ASSIGNMENT – Repeat only the lines below from the one containing "let: (x, t, y, t') := e in" through the one containing "(x,t,y,t) is fixed", inclusive, exactly as written.

Records drawn from a dataset –
(* Consider a time-varying graph based on continuous time intervals with $n$ nodes and $m$ edges, where the presence of the edges is specified by a total of $\eta$ continuous time intervals. Then it can be represented as a time-varying graph $H=(V,E,T)$ (with $E\subseteq V\times T\times V\times T$), using only spatial and temporal dynamic edges, with $|E|=O(\eta^2)$ dynamic edges.
   Context: A continuous-time-interval TVG consists of nodes and edges, each edge $\{u,v\}$ being present during a finite union of time intervals $(a,b]\subset\mathbb{R}^+$ of non-zero finite length; $\eta$ is the total number of such intervals over all edges. In the discrete model $H=(V,E,T)$, $V$ is a finite node set, $T$ a finite set of time instants, and a dynamic edge $(u,t_a,v,t_b)\in E$ is a directed edge from node $u$ at time $t_a$ to node $v$ at time $t_b$. A spatial edge has the form $(u,t_a,v,t_a)$ with $u\neq v$; a temporal edge has the form $(u,t_a,u,t_b)$ with $t_a\neq t_b$. The representation takes $T$ to be the set of endpoints of all intervals; for each interval $(a,b]$ of an edge $\{u,v\}$, spatial edges connect $u$ and $v$ at the time instants of $T$ in $[a,b]$, and temporal edges connect $u$ (resp. $v$) between successive such time instants, so that the presence of the edge over the whole interval is encoded. *)

From HB Require Import structures.
From mathcomp Require Import all_boot all_order all_algebra.
From mathcomp Require Import reals.
Set Implicit Arguments. Unset Strict Implicit. Unset Printing Implicit Defensive.
Import Order.TTheory GRing.Theory Num.Theory.
Local Open Scope ring_scope.

(* A continuous-time-interval TVG over node set V is given by the list of its
   presence intervals: an entry (u, v, a, b) says that the (undirected) edge
   {u,v} is present during the time interval (a, b].  eta = size of the list. *)
Definition interval_tvg (R : realType) (V : finType) := seq (V * V * R * R).

Definition wf_tvg (R : realType) (V : finType) (G : interval_tvg R V) : Prop :=
  uniq G /\
  (forall u v a b, (u, v, a, b) \in G -> [/\ u != v, 0 <= a & a < b]) /\
  (forall u v a b, (u, v, a, b) \in G -> (v, u, a, b) \notin G).

Definition eta (R : realType) (V : finType) (G : interval_tvg R V) : nat := size G.

Definition in_T (R : realType) (V : finType) (G : interval_tvg R V) (t : R) : Prop :=
  exists u v a b, (u, v, a, b) \in G /\ (t = a \/ t = b).

Definition spatial_edge (R : realType) (V : finType) (G : interval_tvg R V)
  (e : V * R * V * R) : Prop :=
  let: (x, t, y, t') := e in
  t = t' /\ in_T G t /\
  exists u v a b, (u, v, a, b) \in G /\ a <= t <= b /\
    ((x = u /\ y = v) \/ (x = v /\ y = u)).

Definition temporal_edge (R : realType) (V : finType) (G : interval_tvg R V)
  (e : V * R * V * R) : Prop :=
  let: (x, t, x', t') := e in
  x = x' /\ in_T G t /\ in_T G t' /\ t < t' /\
  (forall s, in_T G s -> ~ (t < s < t')) /\
  exists u v a b, (u, v, a, b) \in G /\ (x = u \/ x = v) /\
    a <= t <= b /\ a <= t' <= b.

Definition dyn_edge (R : realType) (V : finType) (G : interval_tvg R V)
  (e : V * R * V * R) : Prop :=
  spatial_edge G e \/ temporal_edge G e.

From mathcomp Require Import all_boot all_order all_algebra.
From mathcomp Require Import reals boolp zify.
Set Implicit Arguments. Unset Strict Implicit. Unset Printing Implicit Defensive.
Import Order.TTheory GRing.Theory Num.Theory.
Local Open Scope ring_scope.

(* Every dynamic edge is drawn from finitely many candidates built from the
   2 eta interval endpoints and the 2 eta interval end nodes.  A spatial edge
   (x,t,y,t) is fixed by an oriented interval edge (x,y) and an instant t, so
   there are at most 2 eta * 2 eta of them.  A temporal edge (x,t,x,t') is
   fixed by its source (x,t), because t' must be the successor of t in T; so
   there are at most 2 eta * 2 eta of them as well, and |E| <= 8 eta^2. *)

Lemma size_uniq_le_split (T U : eqType) (P : pred T) (f : T -> U)
    (l s : seq T) (r : seq U) :
  uniq l ->
  {in l, forall e, P e -> e \in s} ->
  {in l, forall e, ~~ P e -> f e \in r} ->
  {in [seq e <- l | ~~ P e] &, injective f} ->
  (size l <= size s + size r)%N.
Proof.
move=> uniq_l l_s l_r f_inj.
rewrite -(count_predC P) leq_add //; rewrite -size_filter.
  apply: uniq_leq_size; first exact: filter_uniq.
  by move=> e; rewrite mem_filter => /andP[Pe /l_s]; apply.
rewrite -(size_map f); apply: uniq_leq_size.
  by rewrite map_inj_in_uniq ?filter_uniq.
move=> y /mapP[e]; rewrite mem_filter => /andP[nPe le] ->.
exact: l_r le nPe.
Qed.

Section Candidates.

Variables (R : realType) (V : finType) (G : interval_tvg R V).

Definition endpoints : seq R := [seq q.1.2 | q <- G] ++ [seq q.2 | q <- G].

Definition end_nodes : seq V := [seq q.1.1.1 | q <- G] ++ [seq q.1.1.2 | q <- G].

Definition oriented_edges : seq (V * V) :=
  [seq (q.1.1.1, q.1.1.2) | q <- G] ++ [seq (q.1.1.2, q.1.1.1) | q <- G].

Definition node_instants : seq (V * R) :=
  [seq (x, t) | x <- end_nodes, t <- endpoints].

Definition spatial_candidates : seq (V * R * V * R) :=
  [seq (p.1, t, p.2, t) | p <- oriented_edges, t <- endpoints].

Definition temporal_candidates : seq (V * R * V * R) :=
  [seq (p.1, p.2, p.1, t') | p <- node_instants, t' <- endpoints].

Definition source (e : V * R * V * R) : V * R := (e.1.1.1, e.1.1.2).

Lemma size_spatial_candidates :
  size spatial_candidates = (4 * eta G ^ 2)%N.
Proof. rewrite size_allpairs !size_cat !size_map /eta; lia. Qed.

Lemma size_node_instants : size node_instants = (4 * eta G ^ 2)%N.
Proof. rewrite size_allpairs !size_cat !size_map /eta; lia. Qed.

Lemma in_T_endpoints t : in_T G t -> t \in endpoints.
Proof.
move=> [u [v [a [b [uvab [->|->]]]]]]; rewrite mem_cat.
  by rewrite (map_f (fun q => q.1.2) uvab).
by rewrite (map_f (fun q => q.2) uvab) orbT.
Qed.

Lemma interval_end_nodes u v a b x :
  (u, v, a, b) \in G -> x = u \/ x = v -> x \in end_nodes.
Proof.
move=> uvab [->|->]; rewrite mem_cat.
  by rewrite (map_f (fun q => q.1.1.1) uvab).
by rewrite (map_f (fun q => q.1.1.2) uvab) orbT.
Qed.

Lemma interval_oriented_edges u v a b x y :
  (u, v, a, b) \in G -> (x = u /\ y = v) \/ (x = v /\ y = u) ->
  (x, y) \in oriented_edges.
Proof.
move=> uvab [[-> ->]|[-> ->]]; rewrite mem_cat.
  by rewrite (map_f (fun q => (q.1.1.1, q.1.1.2)) uvab).
by rewrite (map_f (fun q => (q.1.1.2, q.1.1.1)) uvab) orbT.
Qed.

Lemma spatial_edge_candidate e : spatial_edge G e -> e \in spatial_candidates.
Proof.
case: e => [[[x t] y] _] [<- [/in_T_endpoints Tt [u [v [a [b [uvab [_ xy]]]]]]]].
exact: (allpairs_f (fun p t => (p.1, t, p.2, t))
          (interval_oriented_edges uvab xy) Tt).
Qed.

Lemma temporal_edge_source e : temporal_edge G e -> source e \in node_instants.
Proof.
case: e => [[[x t] y] t'] [_ [/in_T_endpoints Tt [_ [_ [_ [u [v [a [b [uvab [x_uv _]]]]]]]]]]].
exact: (allpairs_f pair (interval_end_nodes uvab x_uv) Tt).
Qed.

Lemma temporal_edge_candidate e : temporal_edge G e -> e \in temporal_candidates.
Proof.
move=> /[dup] /temporal_edge_source src.
case: e src => [[[x t] y] t'] src [<- [_ [/in_T_endpoints Tt' _]]].
exact: (allpairs_f (fun p t' => (p.1, p.2, p.1, t')) src Tt').
Qed.

Lemma temporal_edge_source_inj e1 e2 :
  temporal_edge G e1 -> temporal_edge G e2 -> source e1 = source e2 -> e1 = e2.
Proof.
case: e1 e2 => [[[x1 t1] y1] t1'] [[[x2 t2] y2] t2'] /=.
move=> + + [ex et]; subst x2 t2.
move=> [<- [_ [Tt1 [tt1 [succ1 _]]]]] [<- [_ [Tt2 [tt2 [succ2 _]]]]].
case: (ltgtP t1' t2') => [t12|t21|-> //].
  by case: (succ2 t1' Tt1); rewrite tt1 t12.
by case: (succ1 t2' Tt2); rewrite tt2 t21.
Qed.

Lemma dyn_edge_candidate e :
  dyn_edge G e -> e \in spatial_candidates ++ temporal_candidates.
Proof.
rewrite mem_cat => -[/spatial_edge_candidate -> // | /temporal_edge_candidate ->].
exact: orbT.
Qed.

End Candidates.

Theorem proposition1 :
  exists C : nat,
    forall (R : realType) (V : finType) (G : interval_tvg R V),
      wf_tvg G ->
      exists l : seq (V * R * V * R),
        uniq l /\
        (forall e, e \in l <-> dyn_edge G e) /\
        (size l <= C * (eta G) ^ 2)%N.
Proof.
exists 8%N => R V G _.
set l := undup [seq e <- spatial_candidates G ++ temporal_candidates G
               | `[< dyn_edge G e >]].
have mem_l e : e \in l <-> dyn_edge G e.
  rewrite mem_undup mem_filter; split; first by case/andP => /asboolP.
  by move=> Ee; rewrite asboolT //= dyn_edge_candidate.
exists l; split; first exact: undup_uniq.
split=> //.
have temporal e : e \in l -> ~~ `[< spatial_edge G e >] -> temporal_edge G e.
  by move=> /mem_l[Se /negP[]|//]; apply/asboolP.
apply: leq_trans (size_uniq_le_split (P := fun e => `[< spatial_edge G e >])
  (f := @source R V) (s := spatial_candidates G) (r := node_instants G)
  (undup_uniq _) _ _ _) _.
- by move=> e _ /asboolP /spatial_edge_candidate.
- by move=> e l_e /(temporal _ l_e) /temporal_edge_source.
- move=> e1 e2; rewrite !mem_filter => /andP[n1 l1] /andP[n2 l2].
  by apply: temporal_edge_source_inj; [exact: temporal l1 n1 | exact: temporal l2 n2].
- by rewrite size_spatial_candidates size_node_instants -mulnDl.
Qed.
Lemma vL_nonparallel L L' : calL A L0 f L -> calL A L0 f L' -> L != L' ->
  vL L \notin <[vL L']>%VS.
Proof.
move=> LcalL L'calL; apply: contra => vL_par; apply/eqP.
have L_sub : L \subset L'.
  rewrite -(mline_flat (calL_mline L'calL)) -mem_colspan_vL //.
  by move: vL_par; rewrite memvE => /subv_trans; apply; rewrite -memvE vL_mem_colspan.
apply: (flat_colspan_inj (mline_flat (calL_mline _)) (mline_flat (calL_mline _))) => //.
by apply/eqP; rewrite eqEdim colspanS //= !mline_dim ?calL_mline.
Qed.

Lemma ell_sub_colspanE (S : {set E}) : (ell <= colspan A S)%VS = (plane \subset cl S).
Proof.
apply/idP/idP => [ell_S|]; last first.
  by rewrite subset_mclE colspan_mcl; apply: subv_trans; rewrite -colspan_mcl ell_sub_plane.
have [vS fS] : v \in colspan A S /\ A f \in colspan A S.
  by split; apply: (subvP ell_S); rewrite memvE ?addvSl ?addvSr.
apply: mcl_sub; rewrite subUset sub1set mem_mcl fS /=.
apply: (mline_sub_flat (mclK _ _) L0_line v_neq0 _ v_colspan v_nonparallel).
by rewrite colspan_mcl.
Qed.

Definition lines_calL := {L : {set E} | calL A L0 f L}.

RESPONSE TO THIS EXERCISE –
  let: (x, t, y, t') := e in
  t = t' /\ in_T G t /\
  exists u v a b, (u, v, a, b) \in G /\ a <= t <= b /\
    ((x = u /\ y = v) \/ (x = v /\ y = u)).

Definition temporal_edge (R : realType) (V : finType) (G : interval_tvg R V)
  (e : V * R * V * R) : Prop :=
  let: (x, t, x', t') := e in
  x = x' /\ in_T G t /\ in_T G t' /\ t < t' /\
  (forall s, in_T G s -> ~ (t < s < t')) /\
  exists u v a b, (u, v, a, b) \in G /\ (x = u \/ x = v) /\
    a <= t <= b /\ a <= t' <= b.

Definition dyn_edge (R : realType) (V : finType) (G : interval_tvg R V)
  (e : V * R * V * R) : Prop :=
  spatial_edge G e \/ temporal_edge G e.

From mathcomp Require Import all_boot all_order all_algebra.
From mathcomp Require Import reals boolp zify.
Set Implicit Arguments. Unset Strict Implicit. Unset Printing Implicit Defensive.
Import Order.TTheory GRing.Theory Num.Theory.
Local Open Scope ring_scope.

(* Every dynamic edge is drawn from finitely many candidates built from the
   2 eta interval endpoints and the 2 eta interval end nodes.  A spatial edge
   (x,t,y,t) is fixed by an oriented interval edge (x,y) and an instant t, so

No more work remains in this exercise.